Harrar watched the shaper move out of sight, wondering again how she had managed to meet him without an entourage of guards. Did she have some sort of concealing cloaker, like the cloak of Nuun the hunters wore?

Probably. She was a master shaper, after all. That didn’t matter.

What mattered was that he had committed himself to the proposition that she did not represent a trap laid for him by Shimrra or someone in the Supreme Overlord’s hierarchy who disliked him. Every natural instinct warned him away, but something very deep—perhaps something from the gods themselves—told him he should trust the strange shaper. Rumors of the planet Zonama Sekot had circulated very quietly among the Quorealists and some priestly sects for many cycles, and he knew for a fact that Ekh’m Val was not the first Yuuzhan Vong to encounter the planet. Nor, indeed, had Ekh’m Val been sent by Shimrra, though the commander himself hadn’t known that.

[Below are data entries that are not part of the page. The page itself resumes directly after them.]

Variables (n k : nat) (C : 'I_n.+1 -> 'I_k -> 'Z_n).
Hypothesis n_gt0 : (0 < n)%N.
Hypothesis C_onto : forall j : 'I_k, (j < k.-1)%N ->
  forall x, exists2 r : 'I_n.+1, (r < n)%N & C r j = x.
Hypothesis C_sub : forall j j' : 'I_k, (j < j' < k.-1)%N ->
  forall x, (exists2 r : 'I_n.+1, (r < n)%N & C r j - C r j' = x) <-> x != 0.

Lemma C_sub_sym (j j' : 'I_k) : j != j' -> (j < k.-1)%N -> (j' < k.-1)%N ->
  forall x, (exists2 r : 'I_n.+1, (r < n)%N & C r j - C r j' = x) <-> x != 0.
Proof.
move=> neq_jj' ltj ltj' x; case: (ltngtP j j') => [lt_jj'|lt_j'j|/val_inj eq_jj'].
- by apply: C_sub; rewrite lt_jj'.
- rewrite -oppr_eq0 -(C_sub (_ : j' < j < k.-1)%N) ?lt_j'j //.
  split=> -[r ltr Dr]; exists r; rewrite // -opprB ?Dr //.
  by rewrite -[x]opprK -Dr opprK.
- by rewrite eq_jj' eqxx in neq_jj'.
Qed.

Definition dca_of_cols : 'M['Z_n]_(n.+1, k) :=
  \matrix_(r, j) if (r < n)%N && (j < k.-1)%N then C r j else 0.

Lemma dca_of_cols_in (r : 'I_n.+1) (j : 'I_k) :
  (r < n)%N -> (j < k.-1)%N -> dca_of_cols r j = C r j.
Proof. by move=> ltr ltj; rewrite mxE ltr ltj. Qed.

Lemma dca_of_cols_last_row j : dca_of_cols ord_max j = 0.
Proof. by rewrite mxE ltnn. Qed.

Lemma dca_of_cols_last_col r (j : 'I_k) : ~~ (j < k.-1)%N -> dca_of_cols r j = 0.
Proof. by move=> /negbTE lej; rewrite mxE lej andbF. Qed.

Lemma dca_of_cols_normalized : normalized_DCA dca_of_cols.
Proof.
split=> [|r j eqj]; first exact: dca_of_cols_last_row.
by apply: dca_of_cols_last_col; rewrite eqj ltnn.
Qed.

Lemma dca_of_cols_P1 : DCA_P1 dca_of_cols.
Proof.
move=> j.
have [r0 ltr0 Dr0] : exists2 r0 : 'I_n.+1, (r0 < n)%N & dca_of_cols r0 j = 0.
  case: (ltnP j k.-1) => [ltj|lej].
    by have [r ltr Dr] := C_onto ltj 0; exists r; rewrite ?dca_of_cols_in.
  by exists ord0; rewrite ?dca_of_cols_last_col // -leqNgt.
have neq_r0 : r0 != ord_max by apply: contraTneq ltr0 => ->; rewrite ltnn.
have := cards2 r0 ord_max; rewrite neq_r0 => <-; apply: subset_leq_card.
apply/subsetP=> r; rewrite !inE => /orP[|] /eqP->.
  by rewrite Dr0.
by rewrite dca_of_cols_last_row.
Qed.

Lemma dca_of_cols_P2 : DCA_P2 dca_of_cols.
Proof.
move=> j j' neq_jj' neqj neqj'.
have lt_last (i : 'I_k) : (i : nat) != k.-1 -> (i < k.-1)%N.
  by move: (ltn_ord i); lia.
apply/setP=> x; rewrite !inE; apply/imsetP/idP.
  move=> [r ltr ->]; apply/(C_sub_sym neq_jj' (lt_last _ neqj) (lt_last _ neqj')).
  by exists r; rewrite // !dca_of_cols_in ?lt_last.
move=> /(C_sub_sym neq_jj' (lt_last _ neqj) (lt_last _ neqj')) [r ltr Dx].
by exists r; rewrite // !dca_of_cols_in ?lt_last.
Qed.

Lemma dca_of_cols_DCA : is_DCA dca_of_cols.
Proof.
move=> j j' neq_jj' x.
case: (ltnP j k.-1) => ltj; case: (ltnP j' k.-1) => ltj'.
- have [/eqP->|nz_x] := boolP (x == 0).
    by exists ord_max; rewrite !dca_of_cols_last_row subrr.
  have [r ltr Dx] := (C_sub_sym neq_jj' ltj ltj' x).2 nz_x.
  by exists r; rewrite !dca_of_cols_in.
- have [r ltr Dx] := C_onto ltj x.
  by exists r; rewrite dca_of_cols_in // (dca_of_cols_last_col r) -?leqNgt // subr0.
- have [r ltr Dx] := C_onto ltj' (- x).
  exists r; rewrite (dca_of_cols_last_col r) -?leqNgt // dca_of_cols_in //.
  by rewrite Dx sub0r opprK.
- by move: neq_jj' (ltn_ord j) (ltn_ord j'); rewrite -val_eqE /=; lia.
Qed.

Lemma exists_normalized_DCA : exists Q : 'M['Z_n]_(n.+1, k),
  [/\ is_DCA Q, normalized_DCA Q, DCA_P1 Q & DCA_P2 Q].
Proof.
exists dca_of_cols; split.
- exact: dca_of_cols_DCA.
- exact: dca_of_cols_normalized.
- exact: dca_of_cols_P1.
- exact: dca_of_cols_P2.
Qed.

End NormalizedDCAOfColumns.

Definition surjective (X Y : Type) (f : X -> Y) := forall y, exists x, f x = y.

Definition pdiff (T : zmodType) (u v : bool * T) : bool * T := (u.1 (+) v.1, u.2 - v.2).

Definition onto_nonzero (X : Type) (T : zmodType) (f : X -> bool * T) :=
  forall v, (exists x, f x = v) <-> v != (false, 0).

Lemma mulr_natr_modn (R : pzRingType) (x : R) (d a : nat) :
  x * d%:R = 0 -> x * a%:R = x * (a %% d)%:R.
Proof.
by move=> xd0; rewrite {1}(divn_eq a d) mulnC natrD natrM mulrDr mulrA xd0 mul0r add0r.
Qed.

Definition row_code (m : nat) (r : 'I_(2 * m).+1) : bool * 'Z_m := ((m <= r)%N, (r : nat)%:R).

Lemma row_code_surjective (m : nat) (v : bool * 'Z_m) : (1 < m)%N ->
  exists2 r : 'I_(2 * m).+1, (r < 2 * m)%N & row_code r = v.
Proof.
case: v => e x m_gt1; have ltx : (x < m)%N by rewrite -[X in (_ < X)%N](Zp_cast m_gt1).
have lt_row : (e * m + x < 2 * m)%N by case: e; lia.
have le_row : (e * m + x < (2 * m).+1)%N by apply: ltnW.
exists (inord (e * m + x)); first by rewrite inordK.
rewrite /row_code inordK //; congr (_, _).
  by case: e {lt_row le_row}; rewrite /= ?mul1n ?leq_addr // mul0n add0n leqNgt ltx.
by rewrite natrD natrM pchar_Zp // mulr0 add0r natr_Zp.
Qed.

Section ChineseRemainder.

Variable m : nat.
Hypotheses (m_gt1 : (1 < m)%N) (m_odd : odd m).

(** Since m is odd, m and m + 1 are complementary idempotents of Z_2m, so this
   is the inverse of the Chinese remainder isomorphism Z_2m -> Z_2 x Z_m. *)
Definition crt (u : bool * 'Z_m) : 'Z_(2 * m) :=
  m%:R * (u.1 : nat)%:R + m.+1%:R * (u.2 : nat)%:R.

Let m2_gt1 : (1 < 2 * m)%N. Proof. lia. Qed.

Let mul_m_2 : m%:R * 2%:R = 0 :> 'Z_(2 * m).
Proof. by rewrite -natrM (mulnC m) pchar_Zp. Qed.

If Zonama Sekot existed—and especially if the shaper was right about there being some hidden history between it and the Yuuzhan Vong—then it could be very important. In any event, the priesthood was being kept in the dark about something that it clearly should know about.

He had lately begun to have his suspicions about Shimrra. Not voiced ones, certainly, but suspicions nonetheless. And today—which had already brought so many interesting new thoughts—brought another.

Nen Yim did not know, perhaps, how much Harrar knew about shapers and their protocols. He was the first to admit that he did not know everything. But one thing was clear—Nen Yim operated outside the realm of normal shaping, and the heresy of the Shamed Ones was not the only heresy around. Mezhan Kwaad, Nen Yim’s late master, had been a heretic, and had died for it.

And here was Nen Yim, alive, favored by the Supreme Overlord, and perhaps practicing her own heresy in guarded secrecy.

If true, it could mean only one thing: Shimrra himself was a heretic. And that—like everything else in this situation—had the potential to change everything.

If things went as planned, he might manage to kill three targets with a single thud bug.

He rose, and smelled the air, and felt destiny in his veins.